Data records: Begin

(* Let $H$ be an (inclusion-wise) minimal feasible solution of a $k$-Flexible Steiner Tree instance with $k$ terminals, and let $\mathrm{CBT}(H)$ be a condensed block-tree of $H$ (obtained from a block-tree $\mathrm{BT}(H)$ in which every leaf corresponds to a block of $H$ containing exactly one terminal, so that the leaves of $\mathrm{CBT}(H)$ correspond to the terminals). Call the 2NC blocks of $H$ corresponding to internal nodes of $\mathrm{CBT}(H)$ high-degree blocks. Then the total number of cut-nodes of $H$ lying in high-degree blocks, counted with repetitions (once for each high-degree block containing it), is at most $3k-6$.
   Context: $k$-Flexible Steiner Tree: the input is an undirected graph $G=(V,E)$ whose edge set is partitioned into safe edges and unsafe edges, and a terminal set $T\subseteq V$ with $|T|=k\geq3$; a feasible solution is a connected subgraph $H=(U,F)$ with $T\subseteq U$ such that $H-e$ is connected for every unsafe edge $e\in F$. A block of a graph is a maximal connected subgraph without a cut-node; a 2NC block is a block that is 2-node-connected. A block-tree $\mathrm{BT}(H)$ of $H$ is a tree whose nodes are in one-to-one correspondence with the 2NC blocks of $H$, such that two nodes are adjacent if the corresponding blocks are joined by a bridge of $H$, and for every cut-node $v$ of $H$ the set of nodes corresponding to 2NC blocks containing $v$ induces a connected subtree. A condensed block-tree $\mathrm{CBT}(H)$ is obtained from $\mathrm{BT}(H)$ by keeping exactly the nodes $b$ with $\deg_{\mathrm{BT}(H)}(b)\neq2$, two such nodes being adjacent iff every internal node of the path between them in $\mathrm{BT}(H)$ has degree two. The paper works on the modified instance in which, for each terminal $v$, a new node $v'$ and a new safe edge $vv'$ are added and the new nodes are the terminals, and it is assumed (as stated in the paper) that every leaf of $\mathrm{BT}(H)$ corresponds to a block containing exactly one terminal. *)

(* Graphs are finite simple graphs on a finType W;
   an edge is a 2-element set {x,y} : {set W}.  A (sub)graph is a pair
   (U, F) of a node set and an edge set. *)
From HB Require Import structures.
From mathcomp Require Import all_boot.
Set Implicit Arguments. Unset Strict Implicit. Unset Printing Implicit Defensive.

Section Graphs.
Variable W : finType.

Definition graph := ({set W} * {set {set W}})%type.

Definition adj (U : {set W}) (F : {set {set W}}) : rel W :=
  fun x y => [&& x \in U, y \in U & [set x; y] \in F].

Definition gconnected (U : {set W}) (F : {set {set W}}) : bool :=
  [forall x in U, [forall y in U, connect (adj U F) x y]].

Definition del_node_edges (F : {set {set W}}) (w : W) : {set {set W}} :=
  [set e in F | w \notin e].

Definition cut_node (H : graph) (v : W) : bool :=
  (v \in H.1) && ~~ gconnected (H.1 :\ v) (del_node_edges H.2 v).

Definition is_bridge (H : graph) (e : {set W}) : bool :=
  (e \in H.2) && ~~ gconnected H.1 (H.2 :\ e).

Data records: End
Data records: Begin

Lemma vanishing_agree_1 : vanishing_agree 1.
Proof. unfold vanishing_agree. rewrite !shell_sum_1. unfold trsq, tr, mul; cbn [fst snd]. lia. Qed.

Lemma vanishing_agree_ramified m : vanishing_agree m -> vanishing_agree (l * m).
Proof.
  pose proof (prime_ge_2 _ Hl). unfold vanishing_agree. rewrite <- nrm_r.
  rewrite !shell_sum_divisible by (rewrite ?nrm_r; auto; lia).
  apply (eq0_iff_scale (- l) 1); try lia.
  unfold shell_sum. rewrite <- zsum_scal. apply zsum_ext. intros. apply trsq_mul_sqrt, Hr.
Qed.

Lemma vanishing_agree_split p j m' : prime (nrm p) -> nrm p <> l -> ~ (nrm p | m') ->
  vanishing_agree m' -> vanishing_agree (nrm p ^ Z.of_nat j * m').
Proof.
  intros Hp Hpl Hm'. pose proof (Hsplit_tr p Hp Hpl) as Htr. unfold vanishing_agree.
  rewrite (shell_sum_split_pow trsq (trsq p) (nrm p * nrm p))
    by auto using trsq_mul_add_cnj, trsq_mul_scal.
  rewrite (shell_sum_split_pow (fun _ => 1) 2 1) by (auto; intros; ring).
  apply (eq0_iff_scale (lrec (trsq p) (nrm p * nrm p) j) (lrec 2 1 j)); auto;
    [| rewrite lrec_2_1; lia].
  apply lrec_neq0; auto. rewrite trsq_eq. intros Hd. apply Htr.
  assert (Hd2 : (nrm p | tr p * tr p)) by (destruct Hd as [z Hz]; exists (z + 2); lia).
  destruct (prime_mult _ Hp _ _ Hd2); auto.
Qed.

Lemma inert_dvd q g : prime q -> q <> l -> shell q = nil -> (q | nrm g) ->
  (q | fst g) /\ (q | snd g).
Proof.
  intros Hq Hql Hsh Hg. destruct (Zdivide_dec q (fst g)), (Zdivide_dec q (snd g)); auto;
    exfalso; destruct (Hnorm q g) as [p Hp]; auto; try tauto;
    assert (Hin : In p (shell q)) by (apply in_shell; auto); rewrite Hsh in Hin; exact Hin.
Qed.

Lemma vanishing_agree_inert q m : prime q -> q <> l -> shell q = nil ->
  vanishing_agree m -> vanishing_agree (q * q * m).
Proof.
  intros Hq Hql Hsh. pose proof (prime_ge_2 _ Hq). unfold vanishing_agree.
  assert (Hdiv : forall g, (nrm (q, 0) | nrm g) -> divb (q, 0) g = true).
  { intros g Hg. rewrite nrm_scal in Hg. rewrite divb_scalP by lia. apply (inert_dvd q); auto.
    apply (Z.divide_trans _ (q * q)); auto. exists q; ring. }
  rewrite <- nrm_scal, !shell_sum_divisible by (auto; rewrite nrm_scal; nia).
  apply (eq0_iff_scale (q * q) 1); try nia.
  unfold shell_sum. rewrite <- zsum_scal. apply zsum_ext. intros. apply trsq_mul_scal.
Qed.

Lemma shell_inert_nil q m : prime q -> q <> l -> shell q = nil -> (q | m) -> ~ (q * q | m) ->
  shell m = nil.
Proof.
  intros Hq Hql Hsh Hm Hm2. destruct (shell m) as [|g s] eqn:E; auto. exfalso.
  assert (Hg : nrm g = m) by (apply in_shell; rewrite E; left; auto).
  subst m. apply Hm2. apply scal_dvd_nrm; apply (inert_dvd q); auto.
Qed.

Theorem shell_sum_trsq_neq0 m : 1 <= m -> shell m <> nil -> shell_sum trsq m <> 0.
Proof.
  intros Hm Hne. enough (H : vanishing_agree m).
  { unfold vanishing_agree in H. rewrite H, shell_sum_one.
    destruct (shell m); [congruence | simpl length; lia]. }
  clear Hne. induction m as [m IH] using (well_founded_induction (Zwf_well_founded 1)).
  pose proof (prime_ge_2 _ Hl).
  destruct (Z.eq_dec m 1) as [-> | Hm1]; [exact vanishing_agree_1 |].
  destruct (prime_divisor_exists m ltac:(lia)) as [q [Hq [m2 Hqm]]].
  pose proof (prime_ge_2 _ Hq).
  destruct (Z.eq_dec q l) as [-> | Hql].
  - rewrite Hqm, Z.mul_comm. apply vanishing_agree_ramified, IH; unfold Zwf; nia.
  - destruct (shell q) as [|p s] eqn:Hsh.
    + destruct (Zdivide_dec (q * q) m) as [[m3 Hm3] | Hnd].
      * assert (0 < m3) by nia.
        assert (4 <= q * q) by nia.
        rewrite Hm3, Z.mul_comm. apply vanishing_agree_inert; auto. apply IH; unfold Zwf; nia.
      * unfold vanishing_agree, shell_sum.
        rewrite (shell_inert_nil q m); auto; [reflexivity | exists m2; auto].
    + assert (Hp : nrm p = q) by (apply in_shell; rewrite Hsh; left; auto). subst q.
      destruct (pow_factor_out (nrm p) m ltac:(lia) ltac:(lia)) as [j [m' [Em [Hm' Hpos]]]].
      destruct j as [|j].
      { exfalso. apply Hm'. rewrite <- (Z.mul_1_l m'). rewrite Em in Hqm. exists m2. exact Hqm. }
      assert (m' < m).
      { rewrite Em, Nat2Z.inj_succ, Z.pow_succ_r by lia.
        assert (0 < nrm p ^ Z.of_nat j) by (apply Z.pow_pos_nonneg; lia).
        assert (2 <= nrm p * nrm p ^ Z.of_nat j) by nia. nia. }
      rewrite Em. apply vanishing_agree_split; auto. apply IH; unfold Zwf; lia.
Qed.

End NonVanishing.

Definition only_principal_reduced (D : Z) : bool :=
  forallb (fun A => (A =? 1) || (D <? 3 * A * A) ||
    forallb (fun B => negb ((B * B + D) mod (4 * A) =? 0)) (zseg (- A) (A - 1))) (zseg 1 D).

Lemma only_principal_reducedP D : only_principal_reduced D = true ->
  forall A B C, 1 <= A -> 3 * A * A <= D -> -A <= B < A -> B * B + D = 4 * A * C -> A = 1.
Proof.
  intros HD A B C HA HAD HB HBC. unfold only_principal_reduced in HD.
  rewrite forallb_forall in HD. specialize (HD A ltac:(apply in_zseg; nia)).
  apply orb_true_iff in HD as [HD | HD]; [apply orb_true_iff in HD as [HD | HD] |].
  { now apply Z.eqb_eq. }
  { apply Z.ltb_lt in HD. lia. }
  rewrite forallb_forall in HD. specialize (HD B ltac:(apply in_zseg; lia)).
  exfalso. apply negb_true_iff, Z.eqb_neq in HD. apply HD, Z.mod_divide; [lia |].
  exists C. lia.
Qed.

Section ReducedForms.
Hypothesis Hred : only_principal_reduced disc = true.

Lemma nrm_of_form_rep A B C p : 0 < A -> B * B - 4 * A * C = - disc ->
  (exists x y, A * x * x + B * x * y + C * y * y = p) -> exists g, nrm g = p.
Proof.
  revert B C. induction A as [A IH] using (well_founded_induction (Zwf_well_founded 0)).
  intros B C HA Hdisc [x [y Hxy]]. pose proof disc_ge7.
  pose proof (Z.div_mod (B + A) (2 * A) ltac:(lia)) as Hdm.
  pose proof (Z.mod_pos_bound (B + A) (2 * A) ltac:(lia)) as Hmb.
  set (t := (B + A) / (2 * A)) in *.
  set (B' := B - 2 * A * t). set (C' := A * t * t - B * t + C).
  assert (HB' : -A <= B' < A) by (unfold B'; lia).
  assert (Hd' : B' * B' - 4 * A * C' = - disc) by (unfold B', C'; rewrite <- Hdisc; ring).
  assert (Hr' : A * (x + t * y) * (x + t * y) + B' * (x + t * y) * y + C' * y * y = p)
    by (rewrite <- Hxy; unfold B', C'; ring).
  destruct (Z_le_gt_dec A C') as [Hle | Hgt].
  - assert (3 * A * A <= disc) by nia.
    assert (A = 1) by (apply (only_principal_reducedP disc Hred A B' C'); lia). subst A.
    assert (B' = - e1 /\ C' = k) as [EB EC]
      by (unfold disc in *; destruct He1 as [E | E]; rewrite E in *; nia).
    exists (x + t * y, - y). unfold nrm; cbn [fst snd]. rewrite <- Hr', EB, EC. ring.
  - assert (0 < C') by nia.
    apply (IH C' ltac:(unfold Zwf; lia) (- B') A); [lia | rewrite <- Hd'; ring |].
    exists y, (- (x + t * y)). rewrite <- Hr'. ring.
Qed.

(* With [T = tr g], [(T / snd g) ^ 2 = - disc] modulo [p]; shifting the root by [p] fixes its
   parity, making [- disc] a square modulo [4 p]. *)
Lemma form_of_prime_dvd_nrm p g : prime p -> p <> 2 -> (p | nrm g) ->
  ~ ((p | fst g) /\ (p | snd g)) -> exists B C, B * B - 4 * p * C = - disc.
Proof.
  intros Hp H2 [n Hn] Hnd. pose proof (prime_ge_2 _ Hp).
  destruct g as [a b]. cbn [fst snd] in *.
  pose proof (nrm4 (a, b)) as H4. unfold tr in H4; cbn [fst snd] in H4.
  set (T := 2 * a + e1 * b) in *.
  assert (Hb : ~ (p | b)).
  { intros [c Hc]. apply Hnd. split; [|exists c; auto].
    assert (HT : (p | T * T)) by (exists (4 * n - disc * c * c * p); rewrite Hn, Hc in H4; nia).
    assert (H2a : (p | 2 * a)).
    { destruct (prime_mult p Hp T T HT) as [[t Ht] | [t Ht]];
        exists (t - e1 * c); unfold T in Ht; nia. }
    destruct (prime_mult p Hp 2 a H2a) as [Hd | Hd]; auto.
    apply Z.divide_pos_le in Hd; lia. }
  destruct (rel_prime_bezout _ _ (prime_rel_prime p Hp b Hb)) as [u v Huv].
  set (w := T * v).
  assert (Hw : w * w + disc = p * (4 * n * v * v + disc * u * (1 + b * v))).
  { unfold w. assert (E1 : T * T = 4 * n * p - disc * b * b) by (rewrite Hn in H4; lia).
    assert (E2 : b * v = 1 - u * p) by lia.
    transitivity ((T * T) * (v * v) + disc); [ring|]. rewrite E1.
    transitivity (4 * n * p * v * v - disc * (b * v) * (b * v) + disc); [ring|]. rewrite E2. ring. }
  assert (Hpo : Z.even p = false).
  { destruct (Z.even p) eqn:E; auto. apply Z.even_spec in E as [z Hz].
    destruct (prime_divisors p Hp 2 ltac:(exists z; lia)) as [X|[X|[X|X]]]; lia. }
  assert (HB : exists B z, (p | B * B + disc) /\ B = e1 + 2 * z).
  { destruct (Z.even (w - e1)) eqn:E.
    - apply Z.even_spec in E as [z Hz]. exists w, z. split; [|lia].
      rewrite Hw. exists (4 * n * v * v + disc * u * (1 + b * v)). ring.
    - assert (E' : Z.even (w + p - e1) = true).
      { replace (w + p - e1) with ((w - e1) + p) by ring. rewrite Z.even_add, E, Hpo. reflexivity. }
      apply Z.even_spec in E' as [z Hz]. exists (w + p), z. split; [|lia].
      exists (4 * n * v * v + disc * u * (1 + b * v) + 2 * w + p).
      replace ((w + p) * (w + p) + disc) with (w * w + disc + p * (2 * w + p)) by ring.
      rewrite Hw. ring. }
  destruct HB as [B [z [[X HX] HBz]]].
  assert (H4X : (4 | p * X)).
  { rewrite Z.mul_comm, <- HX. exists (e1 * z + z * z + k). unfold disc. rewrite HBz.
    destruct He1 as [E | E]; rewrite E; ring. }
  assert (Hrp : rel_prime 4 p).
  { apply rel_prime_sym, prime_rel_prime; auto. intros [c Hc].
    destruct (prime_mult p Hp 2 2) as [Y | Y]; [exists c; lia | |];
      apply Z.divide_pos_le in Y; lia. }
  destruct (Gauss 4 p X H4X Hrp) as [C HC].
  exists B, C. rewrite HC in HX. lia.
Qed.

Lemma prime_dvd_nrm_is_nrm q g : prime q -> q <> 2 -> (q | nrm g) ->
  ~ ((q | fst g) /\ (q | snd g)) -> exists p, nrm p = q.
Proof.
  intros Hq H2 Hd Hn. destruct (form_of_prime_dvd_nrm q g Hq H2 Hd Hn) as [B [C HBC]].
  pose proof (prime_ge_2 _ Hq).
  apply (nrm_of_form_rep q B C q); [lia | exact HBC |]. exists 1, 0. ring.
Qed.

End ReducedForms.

Data records: End
Data records: Begin

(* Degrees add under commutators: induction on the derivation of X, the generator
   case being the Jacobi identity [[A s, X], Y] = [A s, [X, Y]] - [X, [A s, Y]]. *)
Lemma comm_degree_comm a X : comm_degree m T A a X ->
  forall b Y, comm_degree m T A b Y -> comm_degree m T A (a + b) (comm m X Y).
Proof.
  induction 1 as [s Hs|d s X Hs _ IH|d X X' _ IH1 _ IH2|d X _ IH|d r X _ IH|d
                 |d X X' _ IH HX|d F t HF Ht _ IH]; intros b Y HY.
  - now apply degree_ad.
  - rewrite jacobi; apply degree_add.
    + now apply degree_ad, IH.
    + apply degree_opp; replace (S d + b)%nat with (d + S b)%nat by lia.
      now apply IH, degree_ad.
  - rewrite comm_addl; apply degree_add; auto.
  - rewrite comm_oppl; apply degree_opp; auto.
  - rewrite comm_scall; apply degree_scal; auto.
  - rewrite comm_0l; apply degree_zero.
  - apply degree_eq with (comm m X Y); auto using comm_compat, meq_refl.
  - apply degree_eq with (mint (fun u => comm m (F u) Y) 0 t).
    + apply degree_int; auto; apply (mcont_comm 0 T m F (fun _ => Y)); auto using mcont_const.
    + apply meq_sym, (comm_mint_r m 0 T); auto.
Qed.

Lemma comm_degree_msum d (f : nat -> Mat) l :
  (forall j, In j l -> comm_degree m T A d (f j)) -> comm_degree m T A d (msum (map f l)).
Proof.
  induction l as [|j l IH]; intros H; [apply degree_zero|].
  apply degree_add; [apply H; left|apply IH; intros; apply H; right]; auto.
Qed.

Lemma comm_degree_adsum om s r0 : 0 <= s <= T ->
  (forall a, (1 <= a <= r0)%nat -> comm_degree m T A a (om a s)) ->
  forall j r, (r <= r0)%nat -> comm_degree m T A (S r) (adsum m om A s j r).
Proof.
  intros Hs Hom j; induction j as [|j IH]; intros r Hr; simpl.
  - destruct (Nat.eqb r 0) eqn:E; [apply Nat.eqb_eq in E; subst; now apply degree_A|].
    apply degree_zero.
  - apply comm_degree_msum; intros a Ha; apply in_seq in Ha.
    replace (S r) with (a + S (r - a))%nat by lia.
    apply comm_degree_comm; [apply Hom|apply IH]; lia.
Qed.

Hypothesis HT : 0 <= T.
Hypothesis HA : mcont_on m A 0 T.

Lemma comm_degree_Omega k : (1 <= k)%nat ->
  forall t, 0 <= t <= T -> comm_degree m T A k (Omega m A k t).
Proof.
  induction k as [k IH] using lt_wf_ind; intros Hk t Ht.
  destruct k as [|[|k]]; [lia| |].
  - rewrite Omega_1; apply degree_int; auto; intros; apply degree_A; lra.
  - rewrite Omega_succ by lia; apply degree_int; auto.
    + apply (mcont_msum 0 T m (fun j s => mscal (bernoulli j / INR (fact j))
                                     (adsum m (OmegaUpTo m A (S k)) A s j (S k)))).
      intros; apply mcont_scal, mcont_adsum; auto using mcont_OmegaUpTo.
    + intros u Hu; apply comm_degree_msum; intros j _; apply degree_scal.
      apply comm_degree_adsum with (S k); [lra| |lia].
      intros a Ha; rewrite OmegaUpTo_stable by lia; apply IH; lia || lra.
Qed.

Data records: End

→ **Exercise**
Retype exactly, and only, the lines above from the one where "assert (Hg : nrm" occurs up to and including the one where "intros Hm Hne." occurs.

→ **Output for this exercise**
  assert (Hg : nrm g = m) by (apply in_shell; rewrite E; left; auto).
  subst m. apply Hm2. apply scal_dvd_nrm; apply (inert_dvd q); auto.
Qed.

Theorem shell_sum_trsq_neq0 m : 1 <= m -> shell m <> nil -> shell_sum trsq m <> 0.
Proof.
  intros Hm Hne. enough (H : vanishing_agree m).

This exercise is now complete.